Six unbelievably long hours I’d sat like a good little girl in my bed, subjected to a triage of doctors, needles, tests, and questions. Joslyn came to see me a while ago, saying Liam was getting some fresh air. I missed him. I knew he needed space to deal with everything, but I wanted to be there for him. And at the same time I needed him to be there for me. I didn’t want him to think he was alone. Who cared if he didn’t know how to fly anymore? He could relearn. What mattered was he was alive, and we shared the same experiences. We loved each other. That would be enough to help him through the rough future. Wouldn’t it?
The door to my room opened and my heart stopped beating.
“What are you doing here?” I couldn’t work out if I knew this man, or if he was a complete stranger from Sydney. Our entire interaction in real life was a plane ride and a dance. Not the subconscious kiss or sad confession over dinner. The two ideals in my head wouldn’t align.
I narrowed my eyes as Nikolai walked tentatively toward my bed.
If I looked hard enough there were differences about him. His skin was slightly more weathered in real life, his hair a little shorter. It seemed odd, but it was as if I looked at two versions—the coma one being a few years younger. Was that Liam’s doing?
Nikolai stopped at the foot of my bed, shooting me a shy smile. “I’m glad you’re awake.”

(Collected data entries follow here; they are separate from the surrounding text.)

Lemma L_right (e : C) : px (src e) < px (tgt e) -> forall p : point,
  Lset src tgt prec e p -> px p = px (tgt e) -> py p <= py (tgt e).
Proof.
  intros Hab p [f [Hf [Hp _]]] Hpx.
  assert (Hfe : f = e \/ prec f e \/ prec e f) by (destruct Hf as [? | ->]; tauto).
  pose proof (endpoint_at_right src tgt prec (proj1 Hcons) e f p Hab Hfe Hp Hpx) as ->.
  destruct Hf as [Hf | ->]; [exact (proj2 (order_endpoints f e Hf) Hpx) | lra].
Qed.

Lemma U_left (e : C) : px (src e) < px (tgt e) -> forall q : point,
  Uset src tgt prec e q -> px q = px (src e) -> py (src e) <= py q.
Proof.
  intros Hab q [f [Hf [Hq _]]] Hqx.
  assert (Hfe : f = e \/ prec f e \/ prec e f) by (destruct Hf as [? | ->]; tauto).
  pose proof (endpoint_at_left src tgt prec (proj1 Hcons) e f q Hab Hfe Hq Hqx) as ->.
  destruct Hf as [Hf | <-]; [exact (proj1 (order_endpoints e f Hf) (eq_sym Hqx)) | lra].
Qed.

Lemma U_right (e : C) : px (src e) < px (tgt e) -> forall q : point,
  Uset src tgt prec e q -> px q = px (tgt e) -> py (tgt e) <= py q.
Proof.
  intros Hab q [f [Hf [Hq _]]] Hqx.
  assert (Hfe : f = e \/ prec f e \/ prec e f) by (destruct Hf as [? | ->]; tauto).
  pose proof (endpoint_at_right src tgt prec (proj1 Hcons) e f q Hab Hfe Hq Hqx) as ->.
  destruct Hf as [Hf | <-]; [exact (proj2 (order_endpoints e f Hf) (eq_sym Hqx)) | lra].
Qed.

End Consistent.

(* The planar data that consistency provides around a non-vertical curve
   e[a,b]: L plays the role of L(e), U of U(e). *)
Record window (L U : point -> Prop) (a b : point) : Prop := {
  win_nonvertical : px a < px b;
  win_a_L : L a;
  win_b_L : L b;
  win_a_U : U a;
  win_b_U : U b;
  win_L_range : forall p, L p -> px a <= px p <= px b;
  win_U_range : forall q, U q -> px a <= px q <= px b;
  win_above : forall p q, L p -> U q ->
    px a < px p -> px p = px q -> px q < px b -> py p < py q;
  win_no_L_peak : forall p c d, L p -> U c -> U d ->
    px c < px p < px d -> py c <= py p -> py d <= py p -> False;
  win_no_U_dip : forall q c d, U q -> L c -> L d ->
    px c < px q < px d -> py q <= py c -> py q <= py d -> False;
  (* consequences of condition (2) *)
  win_L_left : forall p, L p -> px p = px a -> py p <= py a;
  win_L_right : forall p, L p -> px p = px b -> py p <= py b;
  win_U_left : forall q, U q -> px q = px a -> py a <= py q;
  win_U_right : forall q, U q -> px q = px b -> py b <= py q
}.

Section Window.

Variables (L U : point -> Prop) (a b : point).
Hypothesis W : window L U a b.

Lemma window_same_x (p q : point) : L p -> U q ->
  px p = px q -> py q <= py p -> p = q /\ (p = a \/ p = b).
Proof.
  intros Lp Uq Hx Hy; destruct (win_L_range _ _ _ _ W p Lp).
  destruct (Req_dec (px p) (px a)) as [Ha | Ha].
  - pose proof (win_L_left _ _ _ _ W p Lp Ha).
    pose proof (win_U_left _ _ _ _ W q Uq (eq_trans (eq_sym Hx) Ha)).
    split; [| left]; apply pt_eq; lra.
  - destruct (Req_dec (px p) (px b)) as [Hb | Hb].
    + pose proof (win_L_right _ _ _ _ W p Lp Hb).
      pose proof (win_U_right _ _ _ _ W q Uq (eq_trans (eq_sym Hx) Hb)).
      split; [| right]; apply pt_eq; lra.
    + pose proof (win_above _ _ _ _ W p q Lp Uq ltac:(lra) Hx ltac:(lra)); lra.
Qed.

Lemma window_increasing (p q : point) : py a <= py b -> L p -> U q ->
  (p <> a /\ p <> b) \/ (q <> a /\ q <> b) ->
  px p <= px q -> py q <= py p -> False.
Proof.
  intros Hab Lp Uq Hnd Hx Hy.
  destruct (win_L_range _ _ _ _ W p Lp), (win_U_range _ _ _ _ W q Uq).
  destruct (Rle_lt_or_eq_dec _ _ Hx) as [Hpq | Hpq].
  2: { destruct (window_same_x p q Lp Uq Hpq Hy) as [<- [-> | ->]]; tauto. }
  destruct (Req_dec (px p) (px a)) as [Ha | Ha].
  - (* p sits below a, hence below b: q is a U-dip unless p = a, q = b *)
    pose proof (win_L_left _ _ _ _ W p Lp Ha).
    destruct (Req_dec (px q) (px b)) as [Hb | Hb].
    + pose proof (win_U_right _ _ _ _ W q Uq Hb).
      assert (p = a) by (apply pt_eq; lra).
      assert (q = b) by (apply pt_eq; lra).
      subst; tauto.
    + apply (win_no_U_dip _ _ _ _ W q p b Uq Lp (win_b_L _ _ _ _ W)); lra.
  - destruct (Rle_lt_dec (py b) (py q)).
    + (* p is an L-peak between a and q *)
      apply (win_no_L_peak _ _ _ _ W p a q Lp (win_a_U _ _ _ _ W) Uq); lra.
    + (* q is a U-dip between p and b *)
      assert (px q <> px b) by (intro Hb; pose proof (win_U_right _ _ _ _ W q Uq Hb); lra).
      apply (win_no_U_dip _ _ _ _ W q p b Uq Lp (win_b_L _ _ _ _ W)); lra.
Qed.

Lemma window_decreasing (p q : point) : py b <= py a -> L p -> U q ->
  (p <> a /\ p <> b) \/ (q <> a /\ q <> b) ->
  px q <= px p -> py q <= py p -> False.
Proof.
  intros Hba Lp Uq Hnd Hx Hy.
  destruct (win_L_range _ _ _ _ W p Lp), (win_U_range _ _ _ _ W q Uq).
  destruct (Rle_lt_or_eq_dec _ _ Hx) as [Hqp | Hqp].
  2: { destruct (window_same_x p q Lp Uq (eq_sym Hqp) Hy) as [<- [-> | ->]]; tauto. }
  destruct (Req_dec (px p) (px b)) as [Hb | Hb].
  - (* p sits below b, hence below a: q is a U-dip unless q = a, p = b *)
    pose proof (win_L_right _ _ _ _ W p Lp Hb).
    destruct (Req_dec (px q) (px a)) as [Ha | Ha].
    + pose proof (win_U_left _ _ _ _ W q Uq Ha).
      assert (p = b) by (apply pt_eq; lra).
      assert (q = a) by (apply pt_eq; lra).
      subst; tauto.
    + apply (win_no_U_dip _ _ _ _ W q a p Uq (win_a_L _ _ _ _ W) Lp); lra.
  - destruct (Rle_lt_dec (py a) (py q)).
    + (* p is an L-peak between q and b *)
      apply (win_no_L_peak _ _ _ _ W p q b Lp Uq (win_b_U _ _ _ _ W)); lra.
    + (* q is a U-dip between a and p *)
      assert (px q <> px a) by (intro Ha; pose proof (win_U_left _ _ _ _ W q Uq Ha); lra).
      apply (win_no_U_dip _ _ _ _ W q a p Uq (win_a_L _ _ _ _ W) Lp); lra.
Qed.

End Window.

Awkwardness stole my words. Forcing myself to stop staring, I mumbled again, “What are you doing here?”
“I was called in to work on the crash investigation. Engineer, remember?” He pointed at his chest. “I told you in Sydney?”
Crap, so I’d somehow threaded reality with fiction? How did I know he would be working the crash in my dream? Why was he here? We were effectively strangers, despite me knowing a lot of his past.
We stared at each other till Nikolai coughed. “I’m here on an errand for Liam.”
I blinked. He was running messages? Since when? They didn’t get along. Not in the world I’d been living in for the past few days, or was it weeks?
“What sort of errand?” My voice wavered. Somehow my gut already knew. He’d left. The moment he realized he couldn’t fly, I knew it would be too much for him. The open skies were his Prozac—his salvation to all the other crap in his life. If he couldn’t fly, he couldn’t cope. No, don’t tell me. I didn’t want to know if I was right.
Nikolai came to the side of the bed, and took my hand.
My flesh was cooler than his; it was odd touching him.
“He wanted me to get it exactly right.” He frowned. “Let’s see if I remember word for word. He said he had to leave. He can’t deal with the knowledge he doesn’t have a career. He doesn’t want to burden you by not being the man you fell in love with.” His face twitched, and with his free hand he pulled a scrap piece of paper from his back pocket.
“This is for you.”
I took it with fumbling fingers.
Nina,
I know you must think I’m a coward for running, but it’s all I can do to keep my sanity.
This isn’t goodbye.
Everything we shared in dream-paradise is real in my mind, and I’m coming back for you. But only when I’m whole again—when I deserve you and not before.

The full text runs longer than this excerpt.